A sex-workers’ rights advocate is frustrated that no federal help has been forthcoming for Canada’s first sex-worker cooperative.

Susan Davis, cofounder of the West Coast Cooperative of Sex Industry Professionals, explained that her group wasn’t seeking funding from the Co-operatives Secretariat to start a brothel. The group submitted a proposal to Ottawa in June 2008

With a proposed budget of $194,247, the co-op intended to start enterprises like catering, publishing, consulting, and arts production as early as the first quarter of 2009. One co-op objective is to provide workers with skills that they can use if they choose to leave the sex trade.

However, Davis related that she and her colleagues recently received word that the Harper government will not support the project.

“That’s how much of a priority we are for the federal government,” Davis told the Straight.

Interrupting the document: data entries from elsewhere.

(* Fix $1<p<\infty$. Let $X$ and $Y$ be Banach spaces such that $X$ has the approximation property and $\mathcal A(X,Y)\subsetneq\mathcal K(X,Y)$. Let $Z_p:=\big(\bigoplus_{j=0}^\infty X_j\big)_{\ell^p}$ with $X_0=Y$ and $X_j=X$ for $j\ge1$, and for $\emptyset\neq A\subsetneq\mathbb N$ let \[ \mathcal I_A:=\{S\in\mathcal K(Z_p): P_0SJ_0\in\mathcal A(Y),\ P_0SJ_k\in\mathcal A(X,Y)\text{ for all }k\in A\}. \] Suppose $\emptyset\neq A,B\subsetneq\mathbb N$ and there is a permutation $\sigma:\mathbb N\to\mathbb N$ with $\sigma(A)=B$. Then $\mathcal I_A$ and $\mathcal I_B$ are isomorphic as Banach algebras. In particular this holds whenever $|A|=|B|\in\mathbb N\cup\{\infty\}$ and $|\mathbb N\setminus A|=|\mathbb N\setminus B|\in\mathbb N\cup\{\infty\}$.
   Context: $\mathbb N=\{1,2,3,\ldots\}$; $|A|$ denotes cardinality. For Banach spaces $E,F$, $\mathcal K(E,F)$ denotes the compact operators and $\mathcal A(E,F)$ the operator-norm closure of the finite-rank operators $E\to F$; $\mathcal A(E)=\mathcal A(E,E)$. $P_m:Z_p\to X_m$ and $J_n:X_n\to Z_p$ ($m,n\ge0$) are the natural coordinate projections and inclusions. *)

From HB Require Import structures.
From mathcomp Require Import all_boot all_order all_algebra.
From mathcomp Require Import all_classical all_reals all_analysis.
Set Implicit Arguments. Unset Strict Implicit. Unset Printing Implicit Defensive.
Import Order.TTheory GRing.Theory Num.Theory.
Import numFieldNormedType.Exports.
Local Open Scope classical_set_scope.
Local Open Scope ring_scope.

Definition bdd_lin (R : realType) (E F : normedModType R) (f : E -> F) : Prop :=
  (forall (a : R) (u v : E), f (a *: u + v) = a *: f u + f v) /\
  exists M : R, forall x : E, `|f x| <= M * `|x|.

Definition finite_rank (R : realType) (E F : normedModType R) (f : E -> F) : Prop :=
  exists (n : nat) (v : 'I_n -> F),
    forall x : E, exists c : 'I_n -> R, f x = \sum_(i < n) c i *: v i.

Definition approx_op (R : realType) (E F : normedModType R) (S : E -> F) : Prop :=
  bdd_lin S /\
  forall eps : R, 0 < eps -> exists T : E -> F,
    [/\ bdd_lin T, finite_rank T & forall x : E, `|S x - T x| <= eps * `|x|].

Definition compact_op (R : realType) (E F : normedModType R) (S : E -> F) : Prop :=
  bdd_lin S /\ compact (closure (S @` [set x : E | `|x| <= 1])).

Definition approx_property (R : realType) (E : normedModType R) : Prop :=
  forall K : set E, compact K -> forall eps : R, 0 < eps ->
    exists T : E -> E, [/\ bdd_lin T, finite_rank T &
      forall x, K x -> `|T x - x| <= eps].

(* A point of Z_p is a pair (y, f) with y : Y the 0-th coordinate and
   f k : X the (k+1)-th coordinate, k = 0,1,2,... *)
Definition lp_carrier (R : realType) (X Y : normedModType R) := (Y * (nat -> X))%type.

Definition lp_mem (R : realType) (X Y : normedModType R) (p : R)
  (z : lp_carrier X Y) : Prop :=
  cvgn (series (fun k => `|z.2 k| `^ p)).

(* the l^p norm (meaningful on lp_mem points) *)
Definition lp_norm (R : realType) (X Y : normedModType R) (p : R)
  (z : lp_carrier X Y) : R :=
  (`|z.1| `^ p + limn (series (fun k => `|z.2 k| `^ p))) `^ p^-1.

Definition Zp (R : realType) (X Y : normedModType R) (p : R) : Type :=
  {z : lp_carrier X Y | lp_mem p z}.

HB.instance Definition _ (R : realType) (X Y : normedModType R) (p : R) :=
  gen_eqMixin (Zp X Y p).
HB.instance Definition _ (R : realType) (X Y : normedModType R) (p : R) :=
  gen_choiceMixin (Zp X Y p).

Definition zval (R : realType) (X Y : normedModType R) (p : R) (z : Zp X Y p)
  : lp_carrier X Y := proj1_sig z.

Definition zdist (R : realType) (X Y : normedModType R) (p : R) (z w : Zp X Y p) : R :=
  lp_norm p (zval z - zval w).

Definition zopen (R : realType) (X Y : normedModType R) (p : R) (U : set (Zp X Y p))
  : Prop :=
  forall z, U z -> exists2 e : R, 0 < e & forall w, zdist z w < e -> U w.

Lemma zopenT (R : realType) (X Y : normedModType R) (p : R) : zopen (@setT (Zp X Y p)).
Proof. by move=> z _; exists 1 => //. Qed.

Lemma zopenI (R : realType) (X Y : normedModType R) (p : R) :
  setI_closed (@zopen R X Y p).
Proof.
move=> U V oU oV z [/oU [e1 e1p h1] /oV [e2 e2p h2]].
exists (Num.min e1 e2); first by rewrite lt_min e1p e2p.
by move=> w; rewrite lt_min => /andP[w1 w2]; split; [exact: h1|exact: h2].
Qed.

Lemma zopen_bigU (R : realType) (X Y : normedModType R) (p : R) (I : Type)
  (f : I -> set (Zp X Y p)) : (forall i, zopen (f i)) -> zopen (\bigcup_i f i).
Proof.
move=> hf z [i _ fiz]; have [e ep h] := hf i z fiz.
by exists e => // w /h fw; exists i.
Qed.

HB.instance Definition _ (R : realType) (X Y : normedModType R) (p : R) :=
  @isOpenTopological.Build (Zp X Y p) (@zopen R X Y p) (@zopenT R X Y p)
    (@zopenI R X Y p) (@zopen_bigU R X Y p).

Lemma cvg_series_evzero (R : realType) (u : R ^nat) (N : nat) :
  (forall j, (N <= j)%N -> u j = 0) -> cvgn (series u).
Proof.
move=> u0; apply: (is_cvg_near_cst (series u N)).
near=> n; have Nn : (N <= n)%N by near: n; exists N.
rewrite /series /= (@big_cat_nat _ _ _ N 0 n _ _ (leq0n N) Nn) /=.
rewrite [X in _ + X]big1_seq ?addr0 //.
by move=> j /andP[_]; rewrite mem_index_iota => /andP[Nj _]; exact: u0.
Unshelve. all: by end_near.
Qed.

She noted that the co-op’s businesses would have helped a number of sex workers during the 2010 Olympics. According to Davis, who works as an escort, sex professionals don’t expect to earn money during the Games because of increased police enforcement of prostitution laws. She added that many of the people who visit Vancouver during the Olympics will be families, rather than sex consumers. As well, the construction boom in the Vancouver region, which Davis pointed out has been good for sex workers, is practically over.

The co-op has plans for a sex-work museum, walking tours, and art sales during the Olympics.

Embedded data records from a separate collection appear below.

Definition d_ball (d : T -> T -> R) (x : T) (e : R) : set T :=
  [set y | d x y < e].

Definition d_open (d : T -> T -> R) (A : set T) : Prop :=
  forall x, A x -> exists2 e : R, 0 < e & d_ball d x e `<=` A.

Definition d_cauchy (d : T -> T -> R) (u : nat -> T) : Prop :=
  forall e : R, 0 < e -> exists N, forall m n, (N <= m)%N -> (N <= n)%N -> d (u m) (u n) < e.

Definition d_complete (d : T -> T -> R) : Prop :=
  forall u : nat -> T, d_cauchy d u ->
    exists l, forall e : R, 0 < e -> exists N, forall n, (N <= n)%N -> d (u n) l < e.

Definition d_separable (d : T -> T -> R) : Prop :=
  exists D : set T, countable D /\
    forall x (e : R), 0 < e -> exists2 y, D y & d x y < e.

Definition polish_borel (d : T -> T -> R) : Prop :=
  [/\ is_metric d, d_complete d, d_separable d &
      (@measurable _ T) = <<s d_open d >>].

Definition w_coupling (mu1 mu2 : probability T R) (xi : probability (T * T)%type R) : Prop :=
  (forall A, measurable A -> xi (A `*` setT) = mu1 A) /\
  (forall B, measurable B -> xi (setT `*` B) = mu2 B).

Definition W1 (d : T -> T -> R) (mu1 mu2 : probability T R) : \bar R :=
  ereal_inf [set (\int[xi]_z (d z.1 z.2)%:E)%E
            | xi in [set xi | w_coupling mu1 mu2 xi]].

(* Markov operator: (Q g)(x) = E_x g(X_1) = \int g dP_x *)
Definition markov_op (P : T -> probability T R) (g : T -> \bar R) : T -> \bar R :=
  fun x => (\int[P x]_y g y)%E.

(* E_x f(X_k) = (Q^k f)(x) *)
Definition chain_expect (P : T -> probability T R) (k : nat) (f : T -> R) (x : T) : \bar R :=
  iter k (markov_op P) (fun y => (f y)%:E) x.

Definition expect_hatpi (P : T -> probability T R) (Tn T0 : nat) (f : T -> R) (x : T) : \bar R :=
  (((Tn%:R)^-1)%:E * \sum_(T0.+1 <= k < (T0 + Tn).+1) chain_expect P k f x)%E.
(* $\mathfrak{ss}_o\leq\max\{\mathfrak b,\mathfrak{ss}_{i,o}\}$ and $\min\{\mathfrak d,\mathfrak{ss}_{i,o}^\perp\}\leq\mathfrak{ss}_o^\perp$.
   Context: Let $\mathfrak S_{cc}$ be the set of all sequences $\mathbf a=\langle a_i:i\in\omega\rangle$ of rational numbers with $a_i\to0$ such that $\sum_i a_i$ is conditionally convergent (converges to a real number, with the positive terms summing to $+\infty$ and the negative terms to $-\infty$). Let $[\omega]^\omega_\omega$ be the set of infinite coinfinite subsets of $\omega$; for such $X$ with increasing enumeration $\langle i_n\rangle$, $\sum_X\mathbf a$ denotes $\sum_n a_{i_n}$. A series diverges if it does not converge to a real number; it diverges by oscillation if its partial sums do not have a unique accumulation point in $\mathbb R\cup\{+\infty,-\infty\}$ (here $\pm\infty$ counts as an accumulation point when the partial sums are unbounded above, resp. below). $\mathfrak{ss}_{i,o}$ (resp. $\mathfrak{ss}_o$) is the least cardinality of $\mathcal X\subseteq[\omega]^\omega_\omega$ such that every $\mathbf a\in\mathfrak S_{cc}$ has some $X\in\mathcal X$ with $\sum_X\mathbf a$ divergent (resp. divergent by oscillation); $\mathfrak{ss}_{i,o}^\perp$ (resp. $\mathfrak{ss}_o^\perp$) is the least cardinality of $\mathcal A\subseteq\mathfrak S_{cc}$ such that no $X\in[\omega]^\omega_\omega$ makes $\sum_X\mathbf a$ divergent (resp. divergent by oscillation) for all $\mathbf a\in\mathcal A$. $\mathfrak b$, $\mathfrak d$ are the bounding and dominating numbers. *)

From Stdlib Require Import Reals QArith Qreals.
From Coquelicot Require Import Rbar.
Open Scope R_scope.

Fixpoint psum (u : nat -> R) (n : nat) : R :=
  match n with O => 0 | S k => psum u k + u k end.

Definition series_conv (u : nat -> R) : Prop := exists l : R, Un_cv (psum u) l.

Definition acc_pt (s : nat -> R) (p : Rbar) : Prop :=
  match p with
  | Finite l => forall eps, 0 < eps -> forall N, exists n, (N <= n)%nat /\ Rabs (s n - l) < eps
  | p_infty => forall M, exists n, M < s n
  | m_infty => forall M, exists n, s n < M
  end.

Definition series_div (u : nat -> R) : Prop := ~ series_conv u.

Definition series_osc (u : nat -> R) : Prop := ~ (exists! p : Rbar, acc_pt (psum u) p).

Definition qseq (a : nat -> Q) : nat -> R := fun i => Q2R (a i).

Definition Scc (a : nat -> Q) : Prop :=
  Un_cv (qseq a) 0 /\ series_conv (qseq a) /\
  (forall M, exists n, M < psum (fun i => Rmax (qseq a i) 0) n) /\
  (forall M, exists n, psum (fun i => Rmin (qseq a i) 0) n < M).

The refusal of the federal government to fund the co-op isn’t going to deter Davis’s group from pushing forward. “We’re going to raise the money ourselves,” she said.

The group recently launched a Web site (www.wccsip.ca/) to draw attention to its activities.

Davis said that sex workers are hoping the profession’s mostly male clientele will contribute financially.

A December 2006 report by the House of Commons subcommittee on solicitation laws noted that it is difficult to determine the extent of prostitution activity in Canada.

Professor Richard Poulin of the University of Ottawa’s sociology and anthropology department was one of the experts who appeared before the subcommittee. He testified that 10 to 15 percent of men in North America buy sexual services.